Immunofluorescence kit and detection method for detecting expression of peripheral blood circulating tumor cells CA199 of pancreatic cancer patient

Technical Field

The invention relates to an immunofluorescence kit and a detection method for detecting the expression of peripheral blood circulating tumor cells CA199 of a pancreatic cancer patient, and belongs to the technical field of molecular biology.

Background

Pancreatic cancer is a common malignancy of the digestive system and one of the worst prognosis, among deaths caused by malignancies, pancreatic cancer ranks fourth, 90% of patients die within one year after diagnosis, and 5-year survival rate is less than 5%. As early symptoms of pancreatic cancer are hidden, the pancreatic cancer is not specific, the pancreatic cancer is highly invasive, the pancreatic cancer is early in metastasis, the pancreatic cancer is mostly in the middle and late stages when the pancreatic cancer is diagnosed, the surgical resection rate is low, and the pancreatic cancer is diagnosed only by 15%, the selection of the treatment method for pancreatic cancer patients is particularly important, and unnecessary surgical trauma and risks can be avoided for part of patients.
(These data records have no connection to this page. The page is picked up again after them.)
Lemma sqnorm_phi_sub_le s t eta : t < s < T -> 0 <= eta <= 1 ->
  `|Z t - Z s - (t - s) *: - phi s| <= eta * (s - t) ->
  `|X t - X s - (t - s) *: - ((T - s) *: phi s)| <= eta * (s - t) ->
  (T - s) * (sqnorm (phi s) - sqnorm (phi t))
    <= eta * (2 * d%:R * (`|phi s| + K * ((T - s)^-1 + `|phi s|))) * (s - t).
Proof.
move=> /[dup] tsT /andP[ts sT] /andP[eta0 eta1]; set p := phi s.
set r1 := Z t - Z s - _; set r2 := X t - X s - _; move=> r1_le r2_le.
have h0 : 0 < s - t by rewrite subr_gt0.
have sig0 : 0 < T - s by rewrite subr_gt0.
have c0 : 0 < (s - t) * (T - s) by rewrite mulr_gt0.
have mono : 0 <= dotv (A (X t) - A (X s)) (r2 + ((s - t) * (T - s)) *: p).
  by rewrite (_ : r2 + _ = X t - X s); [exact: A_mono | apply/rowP => j; rewrite !mxE; ring].
have tau0 : 0 < T - t by rewrite subr_gt0 (lt_trans ts).
have := sqnorm_sub_le_monotone tau0 c0 (phi_increment _ _ sT (lt_trans ts sT)) mono.
have dA_le := norm_A_increment_le _ _ _ tsT r2_le.
set dA := A (X t) - A (X s) in dA_le *; rewrite -/r1 -/p => key.
have r2_term : `|dA| * `|r2| / ((s - t) * (T - s))
    <= eta * (s - t) * (K * ((T - s)^-1 + `|p|)).
  rewrite ler_pdivrMr //; apply: le_trans (ler_pM _ _ dA_le r2_le) _ => //.
  have -> : K * ((s - t) * (eta + (T - s) * `|p|)) * (eta * (s - t))
      = K * (s - t) * (s - t) * (eta * (eta + (T - s) * `|p|)) by ring.
  have -> : eta * (s - t) * (K * ((T - s)^-1 + `|p|)) * ((s - t) * (T - s))
      = K * (s - t) * (s - t) * (eta * (1 + (T - s) * `|p|)).
    by field; rewrite gt_eqF.
  by apply: ler_wpM2l; rewrite ?ler_wpM2l ?lerD2r // !mulr_ge0 // ltW.
have bound : 2 * d%:R * (`|p| * `|r1| + `|dA| * `|r2| / ((s - t) * (T - s)))
    <= eta * (2 * d%:R * (`|p| + K * ((T - s)^-1 + `|p|))) * (s - t).
  have -> : eta * (2 * d%:R * (`|p| + K * ((T - s)^-1 + `|p|))) * (s - t)
      = 2 * d%:R * (eta * (s - t) * `|p| + eta * (s - t) * (K * ((T - s)^-1 + `|p|))).
    by ring.
  by apply: ler_wpM2l; rewrite ?mulr_ge0 ?ler0n // lerD // mulrC ler_wpM2r.
have [D_le0|D_gt0] := lerP (sqnorm p - sqnorm (phi t)) 0.
  apply: le_trans (mulr_ge0_le0 (ltW sig0) D_le0) _.
  apply: mulr_ge0 (ltW h0); apply: mulr_ge0 eta0 (mulr_ge0 (mulr_ge0 _ (ler0n _ _)) _) => //.
  by rewrite addr_ge0 // mulr_ge0 // addr_ge0 // invr_ge0 ltW.
apply: le_trans (le_trans key bound); rewrite ler_wpM2r ?(ltW D_gt0) //.
by rewrite lerD2l lerN2 ltW.
Qed.

Lemma sqnorm_phi_left_dini s : 0 < s < T -> forall e, 0 < e ->
  \forall t \near s^'-, sqnorm (phi s) <= sqnorm (phi t) + e * (s - t).
Proof.
move=> s_in e e0; have /andP[_ sT] := s_in.
have sig0 : 0 < T - s by rewrite subr_gt0.
set B := 2 * d%:R * (`|phi s| + K * ((T - s)^-1 + `|phi s|)).
have B0 : 0 <= B.
  by rewrite mulr_ge0 ?mulr_ge0 ?ler0n // addr_ge0 // mulr_ge0 // addr_ge0 // invr_ge0 ltW.
have B1 : 0 < B + 1 by rewrite ltr_wpDl.
set eta := Num.min 1 (e * (T - s) / (B + 1)).
have eta0 : 0 < eta by rewrite lt_min ltr01 !divr_gt0 // mulr_gt0.
have eta1 : eta <= 1 by rewrite ge_min lexx.
have etaB : eta * B <= e * (T - s).
  have : eta * B <= e * (T - s) / (B + 1) * B by rewrite ler_wpM2r // ge_min lexx orbT.
  move/le_trans; apply; rewrite -mulrA ger_pMr ?mulr_gt0 //.
  by rewrite mulrC ler_pdivrMr // mul1r lerDl.
rewrite near_withinE; near=> t => ts.
have dist : `|t - s| = s - t by rewrite distrC gtr0_norm // subr_gt0.
have Zt : `|Z t - Z s - (t - s) *: - phi s| <= eta * (s - t).
  by rewrite -dist; near: t; exact: is_derive_near_le (is_derive_Z _ s_in) _ eta0.
have Xt : `|X t - X s - (t - s) *: - ((T - s) *: phi s)| <= eta * (s - t).
  by rewrite -dist; near: t; exact: is_derive_near_le (is_derive_X _ s_in) _ eta0.
have tsT : t < s < T by rewrite ts.
have eta01 : 0 <= eta <= 1 by rewrite eta1 ltW.
have : (T - s) * (sqnorm (phi s) - sqnorm (phi t)) <= (T - s) * (e * (s - t)).
  apply: le_trans (sqnorm_phi_sub_le _ _ _ tsT eta01 Zt Xt) _.
  by rewrite [leRHS]mulrCA mulrA ler_wpM2r // subr_ge0 ltW.
rewrite ler_pM2l //; lra.
Unshelve. all: by end_near. Qed.

Lemma sqnorm_phi_nonincreasing a b : 0 < a -> a <= b -> b < T ->
  sqnorm (phi b) <= sqnorm (phi a).
Proof.
move=> a0 ab bT.
apply: (@ler0_left_dini_nincr _ (fun t => sqnorm (phi t)) _ _ ab) => [|s /andP[a_s sb]].
  apply: continuous_in_subspaceT => x; rewrite inE /= in_itv /= => /andP[ax xb].
  have x_in : 0 < x < T by rewrite (lt_le_trans a0) // (le_lt_trans xb).
  exact: continuous_comp (phi_continuous _ x_in) (dotvv_continuous _).
by apply: sqnorm_phi_left_dini; rewrite (lt_trans a0) // (le_lt_trans sb).
Qed.

Local Notation M := (enorm (phi (T / 2))).

Lemma norm_phi_le t : T / 2 <= t < T -> `|phi t| <= M.
Proof.
move=> /andP[t0 tT]; apply: le_trans (normr_le_enorm _) _.
by rewrite ler_sqrt ?dotvv_ge0 // sqnorm_phi_nonincreasing // divr_gt0.
Qed.

Lemma norm_derive1_X_le t : T / 2 <= t < T -> `|derive1 X t| <= M * (T - t).
Proof.
move=> /[dup] t_in /andP[t0 tT].
have t_pos : 0 < t < T by rewrite tT (lt_le_trans _ t0) ?divr_gt0.
rewrite derive1E; have [_ ->] := is_derive_X _ t_pos.
rewrite normrN normrZ gtr0_norm ?subr_gt0 // mulrC.
by rewrite ler_wpM2r ?norm_phi_le // subr_ge0 ltW.
Qed.

Lemma norm_X_sub_le t u : T / 2 <= t <= u -> u < T -> `|X u - X t| <= M * (T - t) ^+ 2.
Proof.
move=> /andP[t0 tu] uT.
have t_pos : 0 < t by rewrite (lt_le_trans _ t0) ?divr_gt0.
have in_T r : t <= r <= u -> 0 < r < T.
  by case/andP=> tr ru; rewrite (lt_le_trans t_pos) // (le_lt_trans ru).
have Xc : {within `[t, u], continuous X}.
  apply: derivable_within_continuous => r; rewrite in_itv /= => /in_T r_in.
  by case: (is_derive_X _ r_in).
pose X' r := - ((T - r) *: phi r).
apply: le_trans (@norm_sub_le_derive_bound _ _ X X' t u (M * (T - t)) tu Xc _ _) _.
- by move=> r /andP[tr ru]; apply: is_derive_X; rewrite in_T // ltW.
- move=> r /andP[tr ru]; have rT : r < T := le_lt_trans ru uT.
  rewrite normrN normrZ gtr0_norm ?subr_gt0 // mulrC.
  apply: ler_pM; rewrite ?normr_ge0 ?subr_ge0 ?(ltW rT) ?lerD2l ?lerN2 ?(ltW tr) //.
  by rewrite norm_phi_le // rT (le_trans t0 (ltW tr)).
- rewrite expr2 mulrA; apply: ler_wpM2l; last by rewrite lerD2r ltW.
  by rewrite mulr_ge0 ?sqrtr_ge0 // subr_ge0 ltW // (le_lt_trans tu).
Qed.

Lemma X_cvg : cvg (X t @[t --> T^'-]).
Proof.
apply: cauchy_cvg; apply: cauchy_exP => e e0.
have M1 : 0 < M + 1 by rewrite ltr_wpDl ?sqrtr_ge0.
have w0 : 0 < Num.min (T / 2) (Num.min 1 (e / (M + 1))).
  by rewrite !lt_min ltr01 !divr_gt0.
set w := Num.min _ _ in w0; exists (X (T - w)).
have wT : w <= T / 2 by rewrite ge_min lexx.
have w1 : w <= 1 by rewrite !ge_min lexx orbT.
have we : w <= e / (M + 1) by rewrite !ge_min lexx !orbT.
change (\forall t \near T^'-, ball (X (T - w)) e (X t)).
near=> t; rewrite -ball_normE /ball_ /= distrC.
have wt : T - w < t by near: t; apply: nbhs_left_gt; rewrite ltrBlDr ltrDl.
have tT : t < T by near: t; exact: nbhs_left_lt.
apply: le_lt_trans (norm_X_sub_le _ _ _ tT) _.
  by rewrite (ltW wt) andbT; lra.
rewrite opprB addrC subrK.
have : M * w ^+ 2 <= M * w by rewrite ler_wpM2l ?sqrtr_ge0 // expr2 ger_pMr.
have : M * w <= M * (e / (M + 1)) by rewrite ler_wpM2l ?sqrtr_ge0.
have : M * (e / (M + 1)) < e by rewrite mulrCA gtr_pMr // ltr_pdivrMr // mul1r ltrDl.
lra.
Unshelve. all: by end_near. Qed.

Local Notation XT := (lim (X t @[t --> T^'-])).

Lemma norm_X_sub_lim_le t : T / 2 <= t < T -> `|X t - XT| <= M * (T - t) ^+ 2.
Proof.
move=> /andP[t0 tT].
have XtXu : `|X t - X u| @[u --> T^'-] --> `|X t - XT|.
  by apply: cvg_norm; apply: cvgB; [exact: cvg_cst | exact: X_cvg].
rewrite -(cvg_lim _ XtXu) //; apply: limr_le; first by apply/cvg_ex; exists `|X t - XT|.
near=> u; rewrite distrC; apply: norm_X_sub_le; last by near: u; exact: nbhs_left_lt.
by rewrite t0 /=; near: u; exact: nbhs_left_ge.
Unshelve. all: by end_near. Qed.

Lemma norm_X_slope_le t : T / 2 <= t < T -> `|(t - T)^-1 *: (X t - XT)| <= M * (T - t).
Proof.
move=> /[dup] t_in /andP[_ tT]; have Tt : 0 < T - t by rewrite subr_gt0.
rewrite normrZ normfV distrC gtr0_norm // ler_pdivrMl // mulrCA -expr2.
exact: norm_X_sub_lim_le.
Qed.

End monotone_flow.

Theorem corollaryH4 (R : realType) (d : nat) (A : 'rV[R]_d -> 'rV[R]_d)
  (T : R) (X0 : 'rV[R]_d) (X Z : R -> 'rV[R]_d) :
  lipschitzE A -> monotone_op A -> 0 < T ->
  {within `[0, T[, continuous X} -> {within `[0, T[, continuous Z} ->
  X 0 = X0 -> Z 0 = 0 ->
  (forall t, 0 < t < T -> is_derive t 1 X (- Z t - A (X t))) ->
  (forall t, 0 < t < T ->
     is_derive t 1 Z (- ((T - t)^-1 *: Z t) - (T - t)^-1 *: A (X t))) ->
  exists XT : 'rV[R]_d,
    X t @[t --> T^'-] --> XT /\
    (derive1 X) t @[t --> T^'-] --> (0 : 'rV[R]_d) /\
    ((t - T)^-1 *: (X t - XT)) @[t --> T^'-] --> (0 : 'rV[R]_d).
Proof.
move=> /lipschitzE_normr[K K0 A_lip] A_mono T0 _ _ _ _ X_der Z_der.
have near_T : \forall t \near T^'-, T / 2 <= t < T.
  have T2 : T / 2 < T by rewrite ltr_pdivrMr // ltr_pMr // ltr1n.
  near=> t; apply/andP; split; near: t; [exact: nbhs_left_ge | exact: nbhs_left_lt].
exists (lim (X t @[t --> T^'-])); split; first exact: X_cvg K0 A_lip A_mono T0 X_der Z_der.
split; apply: cvg0_at_left_of_norm_le; apply: filterS near_T.
  exact: norm_derive1_X_le K0 A_lip A_mono T0 X_der Z_der.
exact: norm_X_slope_le K0 A_lip A_mono T0 X_der Z_der.
Unshelve. all: by end_near. Qed.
CAl99(carbohydrate antigen 99), also known as tumor associated 199 antigen, gastrointestinal cancer associated antigen or glycoantigen, is a mucin tumor marker that is glycolipids on the cell membrane and exists as mucin in the blood. CAl99 is an antigenic substance highly associated with adenocarcinoma, produced by adenocarcinoma cells, and is introduced into the blood stream via the thoracic duct. The normal reference value of the serum CAl99 is 39 kU/L, the CAl99 concentration in the malignant tumor serum is obviously increased, especially for patients with pancreatic cancer and colon cancer, the increase is several times to dozens of times different, even can reach 1000U/mL, so the method is mainly used for early diagnosis of pancreatic cancer, and in the current clinical practice, the sample detected by the CA199 of the pancreatic cancer patient is mainly tumor tissue, is from operation or puncture biopsy, and is difficult to detect for a plurality of times or in real time.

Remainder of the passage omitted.